DATA EXCERPTS
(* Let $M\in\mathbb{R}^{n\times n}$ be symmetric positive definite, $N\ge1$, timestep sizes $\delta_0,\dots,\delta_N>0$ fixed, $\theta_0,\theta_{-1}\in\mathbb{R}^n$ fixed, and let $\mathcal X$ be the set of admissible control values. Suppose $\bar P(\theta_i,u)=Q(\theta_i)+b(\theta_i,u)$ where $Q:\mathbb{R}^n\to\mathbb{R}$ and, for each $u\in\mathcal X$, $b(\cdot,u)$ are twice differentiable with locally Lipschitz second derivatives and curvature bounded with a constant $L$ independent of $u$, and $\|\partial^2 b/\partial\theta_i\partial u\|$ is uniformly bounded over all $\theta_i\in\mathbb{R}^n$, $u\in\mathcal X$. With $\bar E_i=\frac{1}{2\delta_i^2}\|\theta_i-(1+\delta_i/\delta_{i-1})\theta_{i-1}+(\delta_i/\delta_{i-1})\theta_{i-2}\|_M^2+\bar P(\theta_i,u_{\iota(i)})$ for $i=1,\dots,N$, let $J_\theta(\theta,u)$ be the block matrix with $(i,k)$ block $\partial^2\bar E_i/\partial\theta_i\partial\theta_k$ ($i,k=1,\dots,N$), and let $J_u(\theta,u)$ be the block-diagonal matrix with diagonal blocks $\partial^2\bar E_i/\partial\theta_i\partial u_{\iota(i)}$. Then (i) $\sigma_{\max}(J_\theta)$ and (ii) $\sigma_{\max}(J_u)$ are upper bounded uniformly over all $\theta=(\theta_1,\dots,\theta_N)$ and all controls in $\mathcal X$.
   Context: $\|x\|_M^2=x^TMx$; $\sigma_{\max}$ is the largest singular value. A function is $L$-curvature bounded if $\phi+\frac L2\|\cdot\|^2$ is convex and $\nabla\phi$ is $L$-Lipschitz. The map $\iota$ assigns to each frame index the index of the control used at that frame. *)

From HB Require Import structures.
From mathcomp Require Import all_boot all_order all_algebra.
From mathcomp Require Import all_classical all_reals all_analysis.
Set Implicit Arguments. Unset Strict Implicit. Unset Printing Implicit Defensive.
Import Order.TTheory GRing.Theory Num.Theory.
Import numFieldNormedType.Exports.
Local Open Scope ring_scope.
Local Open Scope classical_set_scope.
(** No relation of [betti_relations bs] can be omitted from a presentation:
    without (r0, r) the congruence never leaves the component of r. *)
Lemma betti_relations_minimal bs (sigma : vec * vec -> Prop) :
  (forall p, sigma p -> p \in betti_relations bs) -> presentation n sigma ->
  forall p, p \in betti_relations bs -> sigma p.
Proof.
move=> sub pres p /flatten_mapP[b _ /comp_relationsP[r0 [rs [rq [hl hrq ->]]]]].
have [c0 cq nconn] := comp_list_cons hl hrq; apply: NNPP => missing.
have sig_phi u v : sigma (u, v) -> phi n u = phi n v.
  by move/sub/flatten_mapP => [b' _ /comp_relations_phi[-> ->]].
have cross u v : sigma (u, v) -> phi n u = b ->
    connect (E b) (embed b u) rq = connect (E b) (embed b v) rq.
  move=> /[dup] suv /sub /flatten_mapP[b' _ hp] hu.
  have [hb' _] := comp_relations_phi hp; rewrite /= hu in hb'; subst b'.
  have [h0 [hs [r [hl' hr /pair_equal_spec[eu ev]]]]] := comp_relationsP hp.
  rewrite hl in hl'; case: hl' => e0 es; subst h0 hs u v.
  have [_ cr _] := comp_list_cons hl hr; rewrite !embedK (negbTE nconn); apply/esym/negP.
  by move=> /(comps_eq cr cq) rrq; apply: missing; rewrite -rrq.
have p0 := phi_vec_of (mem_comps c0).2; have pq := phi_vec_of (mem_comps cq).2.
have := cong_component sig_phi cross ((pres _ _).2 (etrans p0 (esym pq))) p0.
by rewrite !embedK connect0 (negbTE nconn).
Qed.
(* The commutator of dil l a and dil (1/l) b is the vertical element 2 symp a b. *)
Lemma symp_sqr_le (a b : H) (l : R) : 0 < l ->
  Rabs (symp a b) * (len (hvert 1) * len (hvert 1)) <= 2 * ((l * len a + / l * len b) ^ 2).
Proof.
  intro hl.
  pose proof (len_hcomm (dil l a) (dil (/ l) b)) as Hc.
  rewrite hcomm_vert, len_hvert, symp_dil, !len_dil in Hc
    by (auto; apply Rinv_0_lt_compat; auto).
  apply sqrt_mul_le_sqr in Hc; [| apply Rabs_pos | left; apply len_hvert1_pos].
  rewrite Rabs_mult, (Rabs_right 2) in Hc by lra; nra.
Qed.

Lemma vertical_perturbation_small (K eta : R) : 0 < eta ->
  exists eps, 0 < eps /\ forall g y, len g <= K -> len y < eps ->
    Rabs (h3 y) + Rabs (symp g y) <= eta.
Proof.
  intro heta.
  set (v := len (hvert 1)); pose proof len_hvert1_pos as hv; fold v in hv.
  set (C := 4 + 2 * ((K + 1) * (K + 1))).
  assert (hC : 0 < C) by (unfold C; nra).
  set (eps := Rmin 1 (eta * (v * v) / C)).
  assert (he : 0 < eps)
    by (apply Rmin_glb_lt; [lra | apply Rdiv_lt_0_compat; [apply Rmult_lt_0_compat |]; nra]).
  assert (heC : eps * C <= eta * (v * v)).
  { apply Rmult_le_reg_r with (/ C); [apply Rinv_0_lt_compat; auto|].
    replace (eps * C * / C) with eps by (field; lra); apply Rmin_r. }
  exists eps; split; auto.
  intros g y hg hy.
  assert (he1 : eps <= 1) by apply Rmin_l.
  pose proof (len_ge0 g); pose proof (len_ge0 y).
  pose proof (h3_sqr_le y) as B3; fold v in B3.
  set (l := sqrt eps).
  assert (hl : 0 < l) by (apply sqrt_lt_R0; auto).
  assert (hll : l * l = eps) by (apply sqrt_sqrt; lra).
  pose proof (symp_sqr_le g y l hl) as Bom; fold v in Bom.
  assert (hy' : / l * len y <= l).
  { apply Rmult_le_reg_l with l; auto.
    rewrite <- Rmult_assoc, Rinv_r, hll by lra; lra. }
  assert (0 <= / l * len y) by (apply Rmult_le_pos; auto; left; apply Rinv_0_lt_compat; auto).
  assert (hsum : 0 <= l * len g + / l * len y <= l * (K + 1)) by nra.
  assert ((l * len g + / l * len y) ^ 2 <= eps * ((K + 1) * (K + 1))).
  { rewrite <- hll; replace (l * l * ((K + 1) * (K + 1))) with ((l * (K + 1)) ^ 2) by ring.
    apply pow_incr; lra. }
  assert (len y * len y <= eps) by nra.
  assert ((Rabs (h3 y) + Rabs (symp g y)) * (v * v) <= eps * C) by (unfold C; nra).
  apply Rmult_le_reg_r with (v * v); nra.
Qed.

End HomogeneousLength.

YOUR GOAL
Every record above is to be transcribed exactly as written.

SOLUTION TO THE EXERCISE
(* Let $M\in\mathbb{R}^{n\times n}$ be symmetric positive definite, $N\ge1$, timestep sizes $\delta_0,\dots,\delta_N>0$ fixed, $\theta_0,\theta_{-1}\in\mathbb{R}^n$ fixed, and let $\mathcal X$ be the set of admissible control values. Suppose $\bar P(\theta_i,u)=Q(\theta_i)+b(\theta_i,u)$ where $Q:\mathbb{R}^n\to\mathbb{R}$ and, for each $u\in\mathcal X$, $b(\cdot,u)$ are twice differentiable with locally Lipschitz second derivatives and curvature bounded with a constant $L$ independent of $u$, and $\|\partial^2 b/\partial\theta_i\partial u\|$ is uniformly bounded over all $\theta_i\in\mathbb{R}^n$, $u\in\mathcal X$. With $\bar E_i=\frac{1}{2\delta_i^2}\|\theta_i-(1+\delta_i/\delta_{i-1})\theta_{i-1}+(\delta_i/\delta_{i-1})\theta_{i-2}\|_M^2+\bar P(\theta_i,u_{\iota(i)})$ for $i=1,\dots,N$, let $J_\theta(\theta,u)$ be the block matrix with $(i,k)$ block $\partial^2\bar E_i/\partial\theta_i\partial\theta_k$ ($i,k=1,\dots,N$), and let $J_u(\theta,u)$ be the block-diagonal matrix with diagonal blocks $\partial^2\bar E_i/\partial\theta_i\partial u_{\iota(i)}$. Then (i) $\sigma_{\max}(J_\theta)$ and (ii) $\sigma_{\max}(J_u)$ are upper bounded uniformly over all $\theta=(\theta_1,\dots,\theta_N)$ and all controls in $\mathcal X$.
   Context: $\|x\|_M^2=x^TMx$; $\sigma_{\max}$ is the largest singular value. A function is $L$-curvature bounded if $\phi+\frac L2\|\cdot\|^2$ is convex and $\nabla\phi$ is $L$-Lipschitz. The map $\iota$ assigns to each frame index the index of the control used at that frame. *)

From HB Require Import structures.
From mathcomp Require Import all_boot all_order all_algebra.
From mathcomp Require Import all_classical all_reals all_analysis.
Set Implicit Arguments. Unset Strict Implicit. Unset Printing Implicit Defensive.
Import Order.TTheory GRing.Theory Num.Theory.
Import numFieldNormedType.Exports.
Local Open Scope ring_scope.
Local Open Scope classical_set_scope.
(** No relation of [betti_relations bs] can be omitted from a presentation:
    without (r0, r) the congruence never leaves the component of r. *)
Lemma betti_relations_minimal bs (sigma : vec * vec -> Prop) :
  (forall p, sigma p -> p \in betti_relations bs) -> presentation n sigma ->
  forall p, p \in betti_relations bs -> sigma p.
Proof.
move=> sub pres p /flatten_mapP[b _ /comp_relationsP[r0 [rs [rq [hl hrq ->]]]]].
have [c0 cq nconn] := comp_list_cons hl hrq; apply: NNPP => missing.
have sig_phi u v : sigma (u, v) -> phi n u = phi n v.
  by move/sub/flatten_mapP => [b' _ /comp_relations_phi[-> ->]].
have cross u v : sigma (u, v) -> phi n u = b ->
    connect (E b) (embed b u) rq = connect (E b) (embed b v) rq.
  move=> /[dup] suv /sub /flatten_mapP[b' _ hp] hu.
  have [hb' _] := comp_relations_phi hp; rewrite /= hu in hb'; subst b'.
  have [h0 [hs [r [hl' hr /pair_equal_spec[eu ev]]]]] := comp_relationsP hp.
  rewrite hl in hl'; case: hl' => e0 es; subst h0 hs u v.
  have [_ cr _] := comp_list_cons hl hr; rewrite !embedK (negbTE nconn); apply/esym/negP.
  by move=> /(comps_eq cr cq) rrq; apply: missing; rewrite -rrq.
have p0 := phi_vec_of (mem_comps c0).2; have pq := phi_vec_of (mem_comps cq).2.
have := cong_component sig_phi cross ((pres _ _).2 (etrans p0 (esym pq))) p0.
by rewrite !embedK connect0 (negbTE nconn).
Qed.
(* The commutator of dil l a and dil (1/l) b is the vertical element 2 symp a b. *)
Lemma symp_sqr_le (a b : H) (l : R) : 0 < l ->
  Rabs (symp a b) * (len (hvert 1) * len (hvert 1)) <= 2 * ((l * len a + / l * len b) ^ 2).
Proof.
  intro hl.
  pose proof (len_hcomm (dil l a) (dil (/ l) b)) as Hc.
  rewrite hcomm_vert, len_hvert, symp_dil, !len_dil in Hc
    by (auto; apply Rinv_0_lt_compat; auto).
  apply sqrt_mul_le_sqr in Hc; [| apply Rabs_pos | left; apply len_hvert1_pos].
  rewrite Rabs_mult, (Rabs_right 2) in Hc by lra; nra.
Qed.

Lemma vertical_perturbation_small (K eta : R) : 0 < eta ->
  exists eps, 0 < eps /\ forall g y, len g <= K -> len y < eps ->
    Rabs (h3 y) + Rabs (symp g y) <= eta.
Proof.
  intro heta.
  set (v := len (hvert 1)); pose proof len_hvert1_pos as hv; fold v in hv.
  set (C := 4 + 2 * ((K + 1) * (K + 1))).
  assert (hC : 0 < C) by (unfold C; nra).
  set (eps := Rmin 1 (eta * (v * v) / C)).
  assert (he : 0 < eps)
    by (apply Rmin_glb_lt; [lra | apply Rdiv_lt_0_compat; [apply Rmult_lt_0_compat |]; nra]).
  assert (heC : eps * C <= eta * (v * v)).
  { apply Rmult_le_reg_r with (/ C); [apply Rinv_0_lt_compat; auto|].
    replace (eps * C * / C) with eps by (field; lra); apply Rmin_r. }
  exists eps; split; auto.
  intros g y hg hy.
  assert (he1 : eps <= 1) by apply Rmin_l.
  pose proof (len_ge0 g); pose proof (len_ge0 y).
  pose proof (h3_sqr_le y) as B3; fold v in B3.
  set (l := sqrt eps).
  assert (hl : 0 < l) by (apply sqrt_lt_R0; auto).
  assert (hll : l * l = eps) by (apply sqrt_sqrt; lra).
  pose proof (symp_sqr_le g y l hl) as Bom; fold v in Bom.
  assert (hy' : / l * len y <= l).
  { apply Rmult_le_reg_l with l; auto.
    rewrite <- Rmult_assoc, Rinv_r, hll by lra; lra. }
  assert (0 <= / l * len y) by (apply Rmult_le_pos; auto; left; apply Rinv_0_lt_compat; auto).
  assert (hsum : 0 <= l * len g + / l * len y <= l * (K + 1)) by nra.
  assert ((l * len g + / l * len y) ^ 2 <= eps * ((K + 1) * (K + 1))).
  { rewrite <- hll; replace (l * l * ((K + 1) * (K + 1))) with ((l * (K + 1)) ^ 2) by ring.
    apply pow_incr; lra. }
  assert (len y * len y <= eps) by nra.
  assert ((Rabs (h3 y) + Rabs (symp g y)) * (v * v) <= eps * C) by (unfold C; nra).
  apply Rmult_le_reg_r with (v * v); nra.
Qed.

End HomogeneousLength.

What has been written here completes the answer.